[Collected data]
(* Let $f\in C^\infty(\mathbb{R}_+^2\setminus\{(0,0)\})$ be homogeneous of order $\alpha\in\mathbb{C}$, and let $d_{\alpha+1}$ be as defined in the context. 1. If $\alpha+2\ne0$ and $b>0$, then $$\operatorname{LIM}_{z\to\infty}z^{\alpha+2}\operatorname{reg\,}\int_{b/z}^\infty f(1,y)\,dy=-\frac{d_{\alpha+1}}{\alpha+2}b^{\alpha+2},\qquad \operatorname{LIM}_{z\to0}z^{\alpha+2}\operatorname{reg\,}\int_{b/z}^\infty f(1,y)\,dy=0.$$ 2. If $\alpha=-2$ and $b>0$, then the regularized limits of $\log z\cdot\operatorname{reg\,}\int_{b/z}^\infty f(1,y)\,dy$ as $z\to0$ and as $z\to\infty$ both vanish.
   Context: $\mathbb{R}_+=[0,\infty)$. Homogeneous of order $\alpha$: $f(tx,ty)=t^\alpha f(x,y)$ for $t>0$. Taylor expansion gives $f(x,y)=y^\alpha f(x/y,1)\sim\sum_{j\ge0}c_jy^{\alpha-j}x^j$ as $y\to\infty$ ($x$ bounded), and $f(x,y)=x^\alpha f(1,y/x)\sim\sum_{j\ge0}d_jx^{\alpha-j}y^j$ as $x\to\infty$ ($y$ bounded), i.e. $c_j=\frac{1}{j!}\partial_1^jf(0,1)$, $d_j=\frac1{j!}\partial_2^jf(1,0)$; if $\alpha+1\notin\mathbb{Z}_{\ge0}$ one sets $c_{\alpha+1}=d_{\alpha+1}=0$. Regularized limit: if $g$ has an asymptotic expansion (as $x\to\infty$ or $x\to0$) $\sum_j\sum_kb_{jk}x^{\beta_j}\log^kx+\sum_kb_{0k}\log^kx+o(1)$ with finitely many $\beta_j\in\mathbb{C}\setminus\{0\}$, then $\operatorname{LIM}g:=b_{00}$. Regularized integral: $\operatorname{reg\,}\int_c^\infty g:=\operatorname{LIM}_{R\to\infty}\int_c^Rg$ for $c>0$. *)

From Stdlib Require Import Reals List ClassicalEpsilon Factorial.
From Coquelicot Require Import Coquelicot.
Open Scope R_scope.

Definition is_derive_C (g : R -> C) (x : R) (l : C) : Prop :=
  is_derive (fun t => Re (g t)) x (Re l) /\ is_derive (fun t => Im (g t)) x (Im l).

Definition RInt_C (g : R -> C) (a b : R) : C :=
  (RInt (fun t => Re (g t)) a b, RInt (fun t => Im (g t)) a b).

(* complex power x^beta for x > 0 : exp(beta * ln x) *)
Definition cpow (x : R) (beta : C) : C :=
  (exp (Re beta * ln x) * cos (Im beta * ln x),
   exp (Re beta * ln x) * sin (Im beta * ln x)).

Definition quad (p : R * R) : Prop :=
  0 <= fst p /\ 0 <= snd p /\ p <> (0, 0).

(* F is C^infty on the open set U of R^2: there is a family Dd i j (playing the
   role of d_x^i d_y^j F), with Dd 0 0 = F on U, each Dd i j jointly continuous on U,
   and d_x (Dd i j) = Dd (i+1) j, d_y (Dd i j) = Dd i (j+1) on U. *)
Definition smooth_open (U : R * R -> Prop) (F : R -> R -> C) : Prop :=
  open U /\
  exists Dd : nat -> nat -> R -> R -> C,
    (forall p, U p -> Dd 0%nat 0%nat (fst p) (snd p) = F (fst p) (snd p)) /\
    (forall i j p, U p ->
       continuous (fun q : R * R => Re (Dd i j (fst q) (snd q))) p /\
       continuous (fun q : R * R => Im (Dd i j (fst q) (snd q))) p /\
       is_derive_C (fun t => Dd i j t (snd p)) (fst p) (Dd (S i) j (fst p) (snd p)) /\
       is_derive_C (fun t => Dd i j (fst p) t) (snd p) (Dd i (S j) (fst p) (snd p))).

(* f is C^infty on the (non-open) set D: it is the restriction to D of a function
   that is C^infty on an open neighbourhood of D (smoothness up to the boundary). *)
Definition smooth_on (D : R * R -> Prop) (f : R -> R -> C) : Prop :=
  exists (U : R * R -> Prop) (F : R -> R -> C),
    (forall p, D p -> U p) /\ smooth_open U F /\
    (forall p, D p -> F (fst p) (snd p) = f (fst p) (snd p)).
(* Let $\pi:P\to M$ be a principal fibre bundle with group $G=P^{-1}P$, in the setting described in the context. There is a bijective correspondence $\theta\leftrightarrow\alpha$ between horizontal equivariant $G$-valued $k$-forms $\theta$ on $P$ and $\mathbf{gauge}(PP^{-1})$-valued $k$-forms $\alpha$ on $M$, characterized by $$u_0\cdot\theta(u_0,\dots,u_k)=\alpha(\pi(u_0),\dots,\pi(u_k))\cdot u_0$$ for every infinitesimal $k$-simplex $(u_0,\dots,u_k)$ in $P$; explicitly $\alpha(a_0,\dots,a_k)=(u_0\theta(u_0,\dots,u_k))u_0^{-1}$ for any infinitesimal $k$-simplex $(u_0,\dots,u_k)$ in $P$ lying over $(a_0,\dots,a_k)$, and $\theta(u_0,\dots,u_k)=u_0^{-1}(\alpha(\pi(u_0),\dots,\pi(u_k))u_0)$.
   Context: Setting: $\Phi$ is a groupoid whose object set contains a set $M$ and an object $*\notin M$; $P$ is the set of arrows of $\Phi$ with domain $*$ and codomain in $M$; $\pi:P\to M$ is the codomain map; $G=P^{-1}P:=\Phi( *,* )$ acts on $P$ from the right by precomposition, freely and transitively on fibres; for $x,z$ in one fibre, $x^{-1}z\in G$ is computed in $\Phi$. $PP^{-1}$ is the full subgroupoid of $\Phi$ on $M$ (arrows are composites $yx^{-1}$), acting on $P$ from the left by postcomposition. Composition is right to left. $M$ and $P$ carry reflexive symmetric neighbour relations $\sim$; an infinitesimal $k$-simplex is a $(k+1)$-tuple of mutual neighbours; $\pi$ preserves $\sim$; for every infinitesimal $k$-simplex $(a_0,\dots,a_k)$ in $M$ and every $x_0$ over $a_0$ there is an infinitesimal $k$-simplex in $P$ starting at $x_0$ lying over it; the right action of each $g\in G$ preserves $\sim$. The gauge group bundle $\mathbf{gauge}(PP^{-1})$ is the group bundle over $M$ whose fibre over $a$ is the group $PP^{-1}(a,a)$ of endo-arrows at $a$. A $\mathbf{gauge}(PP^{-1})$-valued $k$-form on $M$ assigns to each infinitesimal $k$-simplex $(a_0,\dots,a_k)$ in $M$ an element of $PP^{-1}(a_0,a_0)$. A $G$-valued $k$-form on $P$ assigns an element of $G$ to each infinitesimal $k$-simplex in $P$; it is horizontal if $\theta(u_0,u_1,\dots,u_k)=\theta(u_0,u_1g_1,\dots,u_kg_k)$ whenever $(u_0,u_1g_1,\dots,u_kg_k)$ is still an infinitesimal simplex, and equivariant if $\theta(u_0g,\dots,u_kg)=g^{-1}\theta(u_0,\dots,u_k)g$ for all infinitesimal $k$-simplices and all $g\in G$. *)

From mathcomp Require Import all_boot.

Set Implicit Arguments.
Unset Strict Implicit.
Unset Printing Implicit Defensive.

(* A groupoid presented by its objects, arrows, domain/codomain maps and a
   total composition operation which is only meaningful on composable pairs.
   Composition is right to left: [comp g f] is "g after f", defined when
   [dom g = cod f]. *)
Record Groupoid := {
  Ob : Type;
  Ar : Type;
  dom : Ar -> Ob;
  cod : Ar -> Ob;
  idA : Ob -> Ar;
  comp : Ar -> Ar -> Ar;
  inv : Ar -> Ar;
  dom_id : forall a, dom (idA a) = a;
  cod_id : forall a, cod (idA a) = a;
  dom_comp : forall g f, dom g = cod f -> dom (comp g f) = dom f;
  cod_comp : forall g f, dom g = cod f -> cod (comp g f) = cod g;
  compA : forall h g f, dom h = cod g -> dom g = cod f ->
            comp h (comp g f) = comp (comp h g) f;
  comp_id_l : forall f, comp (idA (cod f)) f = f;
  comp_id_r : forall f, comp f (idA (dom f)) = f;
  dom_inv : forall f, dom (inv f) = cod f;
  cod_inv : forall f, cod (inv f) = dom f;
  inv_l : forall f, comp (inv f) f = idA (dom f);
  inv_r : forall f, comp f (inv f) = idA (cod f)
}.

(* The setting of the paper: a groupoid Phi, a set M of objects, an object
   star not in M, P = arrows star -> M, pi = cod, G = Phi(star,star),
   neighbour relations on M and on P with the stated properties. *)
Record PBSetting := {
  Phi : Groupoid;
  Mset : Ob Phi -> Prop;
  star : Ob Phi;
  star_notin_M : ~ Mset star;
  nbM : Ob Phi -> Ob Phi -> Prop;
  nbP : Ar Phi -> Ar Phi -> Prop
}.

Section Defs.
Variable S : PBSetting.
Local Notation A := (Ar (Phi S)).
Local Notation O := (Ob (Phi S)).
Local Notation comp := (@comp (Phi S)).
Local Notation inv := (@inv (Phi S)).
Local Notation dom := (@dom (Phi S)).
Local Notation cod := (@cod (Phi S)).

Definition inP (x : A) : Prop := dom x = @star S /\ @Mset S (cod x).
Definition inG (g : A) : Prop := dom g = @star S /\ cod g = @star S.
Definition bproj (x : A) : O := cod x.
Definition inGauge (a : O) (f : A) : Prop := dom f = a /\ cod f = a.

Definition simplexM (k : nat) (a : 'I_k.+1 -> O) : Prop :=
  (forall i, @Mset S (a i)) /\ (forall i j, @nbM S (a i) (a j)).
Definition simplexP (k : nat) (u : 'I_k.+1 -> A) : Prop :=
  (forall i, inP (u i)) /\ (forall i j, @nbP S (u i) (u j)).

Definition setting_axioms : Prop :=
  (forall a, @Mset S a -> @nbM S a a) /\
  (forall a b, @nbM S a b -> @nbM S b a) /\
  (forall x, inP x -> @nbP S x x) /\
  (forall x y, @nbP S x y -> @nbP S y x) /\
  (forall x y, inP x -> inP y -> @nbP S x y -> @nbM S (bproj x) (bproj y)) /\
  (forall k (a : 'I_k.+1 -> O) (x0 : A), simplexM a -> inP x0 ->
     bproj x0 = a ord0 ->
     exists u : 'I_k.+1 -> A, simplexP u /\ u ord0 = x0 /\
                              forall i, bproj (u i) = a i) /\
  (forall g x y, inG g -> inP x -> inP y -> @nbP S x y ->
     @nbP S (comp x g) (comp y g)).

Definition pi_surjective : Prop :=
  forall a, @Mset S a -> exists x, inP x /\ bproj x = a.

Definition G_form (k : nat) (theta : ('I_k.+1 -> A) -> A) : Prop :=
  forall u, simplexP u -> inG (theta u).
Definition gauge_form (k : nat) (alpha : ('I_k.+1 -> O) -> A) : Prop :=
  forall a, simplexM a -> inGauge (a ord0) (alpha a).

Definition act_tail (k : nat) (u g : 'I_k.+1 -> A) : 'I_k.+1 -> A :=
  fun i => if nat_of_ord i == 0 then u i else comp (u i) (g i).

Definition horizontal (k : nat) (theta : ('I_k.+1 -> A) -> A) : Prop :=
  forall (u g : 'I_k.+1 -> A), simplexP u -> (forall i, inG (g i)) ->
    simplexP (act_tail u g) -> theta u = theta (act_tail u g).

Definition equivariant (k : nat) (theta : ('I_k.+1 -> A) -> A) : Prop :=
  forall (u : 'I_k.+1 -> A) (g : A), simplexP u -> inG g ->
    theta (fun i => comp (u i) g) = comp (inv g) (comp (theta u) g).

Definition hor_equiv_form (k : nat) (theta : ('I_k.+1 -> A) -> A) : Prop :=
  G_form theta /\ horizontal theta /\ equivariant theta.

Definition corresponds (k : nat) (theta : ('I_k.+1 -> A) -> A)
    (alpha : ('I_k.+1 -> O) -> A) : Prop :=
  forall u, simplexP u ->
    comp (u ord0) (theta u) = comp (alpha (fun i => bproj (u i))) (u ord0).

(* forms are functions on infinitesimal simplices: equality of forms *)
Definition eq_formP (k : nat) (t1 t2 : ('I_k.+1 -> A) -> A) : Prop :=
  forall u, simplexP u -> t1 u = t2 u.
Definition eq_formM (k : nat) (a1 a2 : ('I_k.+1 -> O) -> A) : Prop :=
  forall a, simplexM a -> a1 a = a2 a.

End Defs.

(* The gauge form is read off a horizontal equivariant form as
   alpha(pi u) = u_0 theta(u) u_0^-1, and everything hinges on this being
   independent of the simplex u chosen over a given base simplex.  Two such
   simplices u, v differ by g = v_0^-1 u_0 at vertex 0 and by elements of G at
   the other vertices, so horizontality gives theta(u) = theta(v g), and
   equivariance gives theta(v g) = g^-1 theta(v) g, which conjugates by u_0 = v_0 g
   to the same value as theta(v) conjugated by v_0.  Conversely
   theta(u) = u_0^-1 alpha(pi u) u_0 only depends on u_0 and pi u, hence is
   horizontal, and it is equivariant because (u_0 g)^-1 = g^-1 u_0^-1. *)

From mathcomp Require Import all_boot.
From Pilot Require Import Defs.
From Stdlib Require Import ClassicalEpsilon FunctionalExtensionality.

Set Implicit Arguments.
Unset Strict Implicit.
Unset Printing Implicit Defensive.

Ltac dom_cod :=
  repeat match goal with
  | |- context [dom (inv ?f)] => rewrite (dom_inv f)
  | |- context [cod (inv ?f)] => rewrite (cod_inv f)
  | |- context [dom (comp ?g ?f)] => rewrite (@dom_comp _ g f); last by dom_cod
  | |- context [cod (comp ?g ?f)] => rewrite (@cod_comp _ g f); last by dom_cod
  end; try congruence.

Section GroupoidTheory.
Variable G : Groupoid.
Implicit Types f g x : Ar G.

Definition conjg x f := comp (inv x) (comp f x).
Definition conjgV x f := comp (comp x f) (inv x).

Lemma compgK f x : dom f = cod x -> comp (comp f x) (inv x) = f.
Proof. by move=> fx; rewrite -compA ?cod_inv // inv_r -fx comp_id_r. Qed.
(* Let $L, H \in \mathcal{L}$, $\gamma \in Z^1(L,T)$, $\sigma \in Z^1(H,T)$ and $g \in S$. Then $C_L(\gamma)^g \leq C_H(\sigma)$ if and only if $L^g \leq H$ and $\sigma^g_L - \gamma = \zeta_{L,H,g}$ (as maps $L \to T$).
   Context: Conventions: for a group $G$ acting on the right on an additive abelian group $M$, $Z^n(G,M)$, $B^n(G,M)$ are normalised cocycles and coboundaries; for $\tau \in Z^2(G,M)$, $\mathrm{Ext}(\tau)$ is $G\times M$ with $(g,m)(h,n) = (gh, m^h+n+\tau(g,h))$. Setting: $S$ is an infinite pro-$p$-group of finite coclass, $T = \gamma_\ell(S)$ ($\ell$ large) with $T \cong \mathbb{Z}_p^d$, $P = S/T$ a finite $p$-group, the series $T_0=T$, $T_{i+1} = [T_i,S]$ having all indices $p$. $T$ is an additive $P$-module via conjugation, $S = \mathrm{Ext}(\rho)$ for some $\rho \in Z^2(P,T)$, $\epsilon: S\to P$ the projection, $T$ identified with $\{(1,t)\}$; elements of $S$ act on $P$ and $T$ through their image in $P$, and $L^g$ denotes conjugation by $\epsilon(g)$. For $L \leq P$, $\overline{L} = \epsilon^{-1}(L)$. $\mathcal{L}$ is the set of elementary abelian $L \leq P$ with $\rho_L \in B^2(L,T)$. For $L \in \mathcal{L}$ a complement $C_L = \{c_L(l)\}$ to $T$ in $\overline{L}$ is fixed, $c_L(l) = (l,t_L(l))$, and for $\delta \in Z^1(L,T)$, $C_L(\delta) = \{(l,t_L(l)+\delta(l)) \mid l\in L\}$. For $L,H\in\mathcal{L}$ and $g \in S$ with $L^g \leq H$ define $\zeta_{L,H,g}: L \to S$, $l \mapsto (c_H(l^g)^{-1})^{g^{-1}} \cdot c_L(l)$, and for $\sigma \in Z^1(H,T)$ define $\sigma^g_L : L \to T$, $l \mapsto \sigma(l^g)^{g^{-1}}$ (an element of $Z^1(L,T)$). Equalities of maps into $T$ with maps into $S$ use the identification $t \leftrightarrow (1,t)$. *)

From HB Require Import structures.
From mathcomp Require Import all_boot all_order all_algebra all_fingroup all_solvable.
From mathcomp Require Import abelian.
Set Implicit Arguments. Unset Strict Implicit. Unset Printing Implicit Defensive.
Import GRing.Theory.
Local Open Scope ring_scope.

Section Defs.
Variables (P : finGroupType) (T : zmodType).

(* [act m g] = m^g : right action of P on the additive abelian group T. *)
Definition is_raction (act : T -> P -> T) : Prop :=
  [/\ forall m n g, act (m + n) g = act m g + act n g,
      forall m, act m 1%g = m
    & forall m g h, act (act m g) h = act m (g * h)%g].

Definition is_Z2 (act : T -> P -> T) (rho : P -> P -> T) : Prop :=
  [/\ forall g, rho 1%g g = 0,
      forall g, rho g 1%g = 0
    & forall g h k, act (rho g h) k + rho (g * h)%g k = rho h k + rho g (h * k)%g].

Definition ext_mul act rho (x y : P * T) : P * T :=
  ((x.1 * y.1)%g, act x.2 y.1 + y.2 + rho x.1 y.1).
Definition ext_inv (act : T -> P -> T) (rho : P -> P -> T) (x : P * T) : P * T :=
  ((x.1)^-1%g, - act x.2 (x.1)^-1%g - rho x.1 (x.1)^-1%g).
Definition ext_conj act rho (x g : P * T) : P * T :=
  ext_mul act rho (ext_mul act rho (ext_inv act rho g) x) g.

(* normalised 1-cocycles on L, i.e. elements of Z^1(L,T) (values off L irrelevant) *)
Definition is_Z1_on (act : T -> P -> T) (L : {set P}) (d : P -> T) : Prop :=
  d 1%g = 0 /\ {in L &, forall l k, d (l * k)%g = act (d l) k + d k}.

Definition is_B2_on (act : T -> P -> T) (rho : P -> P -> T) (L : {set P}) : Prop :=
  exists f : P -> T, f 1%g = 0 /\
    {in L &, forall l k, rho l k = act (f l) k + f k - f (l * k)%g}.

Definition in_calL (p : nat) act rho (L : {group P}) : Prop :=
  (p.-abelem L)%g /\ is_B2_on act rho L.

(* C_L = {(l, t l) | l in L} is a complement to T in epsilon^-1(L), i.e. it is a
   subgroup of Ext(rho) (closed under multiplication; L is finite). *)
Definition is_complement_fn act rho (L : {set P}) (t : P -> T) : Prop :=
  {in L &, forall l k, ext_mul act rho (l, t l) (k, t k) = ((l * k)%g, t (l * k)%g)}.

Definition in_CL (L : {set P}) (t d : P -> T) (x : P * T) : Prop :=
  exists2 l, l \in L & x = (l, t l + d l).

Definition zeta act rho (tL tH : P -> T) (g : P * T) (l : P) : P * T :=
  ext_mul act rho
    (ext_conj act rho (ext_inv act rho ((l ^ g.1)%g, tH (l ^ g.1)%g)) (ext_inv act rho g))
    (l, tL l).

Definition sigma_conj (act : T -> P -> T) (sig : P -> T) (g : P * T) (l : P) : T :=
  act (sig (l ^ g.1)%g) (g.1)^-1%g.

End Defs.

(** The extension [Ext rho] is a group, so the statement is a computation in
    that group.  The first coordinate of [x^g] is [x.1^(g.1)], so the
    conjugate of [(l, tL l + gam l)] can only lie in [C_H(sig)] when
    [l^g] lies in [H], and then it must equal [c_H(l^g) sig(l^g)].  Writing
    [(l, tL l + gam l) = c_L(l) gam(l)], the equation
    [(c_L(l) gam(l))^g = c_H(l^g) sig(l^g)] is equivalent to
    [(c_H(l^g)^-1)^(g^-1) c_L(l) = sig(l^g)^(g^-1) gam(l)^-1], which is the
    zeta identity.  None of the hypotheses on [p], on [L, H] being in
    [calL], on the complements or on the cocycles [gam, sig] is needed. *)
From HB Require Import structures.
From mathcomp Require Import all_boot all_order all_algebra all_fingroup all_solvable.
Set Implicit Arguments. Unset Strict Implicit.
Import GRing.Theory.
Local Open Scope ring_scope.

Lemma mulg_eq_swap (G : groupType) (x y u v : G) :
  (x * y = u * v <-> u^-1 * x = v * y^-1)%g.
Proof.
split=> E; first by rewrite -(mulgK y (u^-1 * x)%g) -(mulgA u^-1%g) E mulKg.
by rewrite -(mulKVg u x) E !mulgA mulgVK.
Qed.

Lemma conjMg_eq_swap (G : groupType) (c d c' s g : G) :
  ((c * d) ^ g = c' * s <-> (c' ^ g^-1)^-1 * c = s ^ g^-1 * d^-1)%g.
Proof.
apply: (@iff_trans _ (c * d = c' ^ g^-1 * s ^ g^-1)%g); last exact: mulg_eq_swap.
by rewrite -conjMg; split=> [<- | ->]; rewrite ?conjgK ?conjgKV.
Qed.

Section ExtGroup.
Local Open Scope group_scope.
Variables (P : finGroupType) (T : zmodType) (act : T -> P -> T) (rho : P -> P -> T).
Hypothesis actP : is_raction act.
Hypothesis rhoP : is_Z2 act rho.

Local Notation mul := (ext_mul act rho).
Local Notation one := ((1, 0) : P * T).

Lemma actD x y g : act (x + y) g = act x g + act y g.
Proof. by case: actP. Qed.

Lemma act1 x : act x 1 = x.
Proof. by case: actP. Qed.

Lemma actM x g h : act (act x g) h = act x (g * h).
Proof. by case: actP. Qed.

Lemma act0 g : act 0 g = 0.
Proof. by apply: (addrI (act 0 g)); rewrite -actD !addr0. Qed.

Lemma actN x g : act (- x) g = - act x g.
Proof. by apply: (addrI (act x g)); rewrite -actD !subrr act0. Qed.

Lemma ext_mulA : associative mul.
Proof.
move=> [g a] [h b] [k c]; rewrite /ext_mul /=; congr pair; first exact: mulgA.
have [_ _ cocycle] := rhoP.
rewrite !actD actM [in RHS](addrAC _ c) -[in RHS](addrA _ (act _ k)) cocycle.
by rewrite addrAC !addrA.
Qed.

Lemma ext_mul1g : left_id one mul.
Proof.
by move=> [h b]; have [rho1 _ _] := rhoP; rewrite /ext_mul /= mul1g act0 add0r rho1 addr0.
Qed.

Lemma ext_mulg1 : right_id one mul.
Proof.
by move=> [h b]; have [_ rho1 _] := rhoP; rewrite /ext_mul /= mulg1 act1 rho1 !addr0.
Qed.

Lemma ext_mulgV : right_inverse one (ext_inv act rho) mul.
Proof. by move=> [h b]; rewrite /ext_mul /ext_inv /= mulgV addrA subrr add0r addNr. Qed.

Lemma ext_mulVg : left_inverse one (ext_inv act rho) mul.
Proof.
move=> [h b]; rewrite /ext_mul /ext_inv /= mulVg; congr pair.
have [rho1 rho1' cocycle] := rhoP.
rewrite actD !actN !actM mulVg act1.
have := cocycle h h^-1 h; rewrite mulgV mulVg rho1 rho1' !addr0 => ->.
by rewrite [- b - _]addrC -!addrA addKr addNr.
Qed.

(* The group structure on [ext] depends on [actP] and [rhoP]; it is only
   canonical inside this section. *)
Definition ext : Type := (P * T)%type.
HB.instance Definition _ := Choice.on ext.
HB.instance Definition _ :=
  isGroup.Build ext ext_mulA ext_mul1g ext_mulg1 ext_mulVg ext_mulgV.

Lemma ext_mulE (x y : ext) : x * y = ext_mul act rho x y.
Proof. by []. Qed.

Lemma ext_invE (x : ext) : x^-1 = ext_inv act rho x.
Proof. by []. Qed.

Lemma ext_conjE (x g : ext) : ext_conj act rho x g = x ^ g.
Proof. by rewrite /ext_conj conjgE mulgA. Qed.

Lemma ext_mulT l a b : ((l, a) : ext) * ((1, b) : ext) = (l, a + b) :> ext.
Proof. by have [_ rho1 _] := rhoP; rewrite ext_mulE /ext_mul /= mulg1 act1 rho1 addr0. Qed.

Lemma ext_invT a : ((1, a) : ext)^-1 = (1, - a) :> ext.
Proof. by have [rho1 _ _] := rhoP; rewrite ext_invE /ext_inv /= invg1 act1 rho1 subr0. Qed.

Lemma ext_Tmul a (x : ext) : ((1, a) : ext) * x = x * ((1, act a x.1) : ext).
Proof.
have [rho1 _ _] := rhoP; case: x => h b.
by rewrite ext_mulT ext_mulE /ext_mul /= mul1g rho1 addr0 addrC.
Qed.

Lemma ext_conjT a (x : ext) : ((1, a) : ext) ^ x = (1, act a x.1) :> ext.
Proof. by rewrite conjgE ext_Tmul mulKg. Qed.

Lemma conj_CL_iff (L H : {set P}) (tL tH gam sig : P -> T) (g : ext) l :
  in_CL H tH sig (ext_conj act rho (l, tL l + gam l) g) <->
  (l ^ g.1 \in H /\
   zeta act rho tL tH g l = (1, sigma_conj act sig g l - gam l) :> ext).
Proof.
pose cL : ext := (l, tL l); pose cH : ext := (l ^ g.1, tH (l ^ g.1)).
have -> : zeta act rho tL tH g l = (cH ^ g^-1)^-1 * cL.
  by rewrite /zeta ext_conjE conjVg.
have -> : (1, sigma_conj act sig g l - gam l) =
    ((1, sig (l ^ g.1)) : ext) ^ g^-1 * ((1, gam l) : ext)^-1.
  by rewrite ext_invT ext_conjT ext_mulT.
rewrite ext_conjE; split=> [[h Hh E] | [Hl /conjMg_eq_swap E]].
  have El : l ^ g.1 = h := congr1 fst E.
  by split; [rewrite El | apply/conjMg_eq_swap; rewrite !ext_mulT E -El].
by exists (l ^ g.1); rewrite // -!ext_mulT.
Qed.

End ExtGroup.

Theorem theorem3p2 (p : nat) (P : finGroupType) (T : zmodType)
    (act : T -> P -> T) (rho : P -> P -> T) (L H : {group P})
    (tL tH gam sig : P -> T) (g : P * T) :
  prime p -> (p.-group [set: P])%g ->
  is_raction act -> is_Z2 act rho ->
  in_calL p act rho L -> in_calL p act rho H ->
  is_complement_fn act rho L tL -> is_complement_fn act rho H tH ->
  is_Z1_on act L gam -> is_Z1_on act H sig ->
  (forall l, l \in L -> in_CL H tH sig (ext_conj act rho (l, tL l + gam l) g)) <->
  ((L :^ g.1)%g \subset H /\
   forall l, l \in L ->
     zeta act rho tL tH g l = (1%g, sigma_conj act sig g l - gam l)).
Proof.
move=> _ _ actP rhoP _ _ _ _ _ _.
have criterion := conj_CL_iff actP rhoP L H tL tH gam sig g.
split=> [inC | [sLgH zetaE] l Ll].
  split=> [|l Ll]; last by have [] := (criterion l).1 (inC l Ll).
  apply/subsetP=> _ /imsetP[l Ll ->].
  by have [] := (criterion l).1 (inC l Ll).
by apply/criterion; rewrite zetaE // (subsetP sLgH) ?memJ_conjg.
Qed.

What the task asks: Print the first line of the records above and each line after it, exactly, through the line with "0 <= fst p /\ 0 <= snd p /\ p <> (0, 0).".

Result:
(* Let $f\in C^\infty(\mathbb{R}_+^2\setminus\{(0,0)\})$ be homogeneous of order $\alpha\in\mathbb{C}$, and let $d_{\alpha+1}$ be as defined in the context. 1. If $\alpha+2\ne0$ and $b>0$, then $$\operatorname{LIM}_{z\to\infty}z^{\alpha+2}\operatorname{reg\,}\int_{b/z}^\infty f(1,y)\,dy=-\frac{d_{\alpha+1}}{\alpha+2}b^{\alpha+2},\qquad \operatorname{LIM}_{z\to0}z^{\alpha+2}\operatorname{reg\,}\int_{b/z}^\infty f(1,y)\,dy=0.$$ 2. If $\alpha=-2$ and $b>0$, then the regularized limits of $\log z\cdot\operatorname{reg\,}\int_{b/z}^\infty f(1,y)\,dy$ as $z\to0$ and as $z\to\infty$ both vanish.
   Context: $\mathbb{R}_+=[0,\infty)$. Homogeneous of order $\alpha$: $f(tx,ty)=t^\alpha f(x,y)$ for $t>0$. Taylor expansion gives $f(x,y)=y^\alpha f(x/y,1)\sim\sum_{j\ge0}c_jy^{\alpha-j}x^j$ as $y\to\infty$ ($x$ bounded), and $f(x,y)=x^\alpha f(1,y/x)\sim\sum_{j\ge0}d_jx^{\alpha-j}y^j$ as $x\to\infty$ ($y$ bounded), i.e. $c_j=\frac{1}{j!}\partial_1^jf(0,1)$, $d_j=\frac1{j!}\partial_2^jf(1,0)$; if $\alpha+1\notin\mathbb{Z}_{\ge0}$ one sets $c_{\alpha+1}=d_{\alpha+1}=0$. Regularized limit: if $g$ has an asymptotic expansion (as $x\to\infty$ or $x\to0$) $\sum_j\sum_kb_{jk}x^{\beta_j}\log^kx+\sum_kb_{0k}\log^kx+o(1)$ with finitely many $\beta_j\in\mathbb{C}\setminus\{0\}$, then $\operatorname{LIM}g:=b_{00}$. Regularized integral: $\operatorname{reg\,}\int_c^\infty g:=\operatorname{LIM}_{R\to\infty}\int_c^Rg$ for $c>0$. *)

From Stdlib Require Import Reals List ClassicalEpsilon Factorial.
From Coquelicot Require Import Coquelicot.
Open Scope R_scope.

Definition is_derive_C (g : R -> C) (x : R) (l : C) : Prop :=
  is_derive (fun t => Re (g t)) x (Re l) /\ is_derive (fun t => Im (g t)) x (Im l).

Definition RInt_C (g : R -> C) (a b : R) : C :=
  (RInt (fun t => Re (g t)) a b, RInt (fun t => Im (g t)) a b).

(* complex power x^beta for x > 0 : exp(beta * ln x) *)
Definition cpow (x : R) (beta : C) : C :=
  (exp (Re beta * ln x) * cos (Im beta * ln x),
   exp (Re beta * ln x) * sin (Im beta * ln x)).

Definition quad (p : R * R) : Prop :=
  0 <= fst p /\ 0 <= snd p /\ p <> (0, 0).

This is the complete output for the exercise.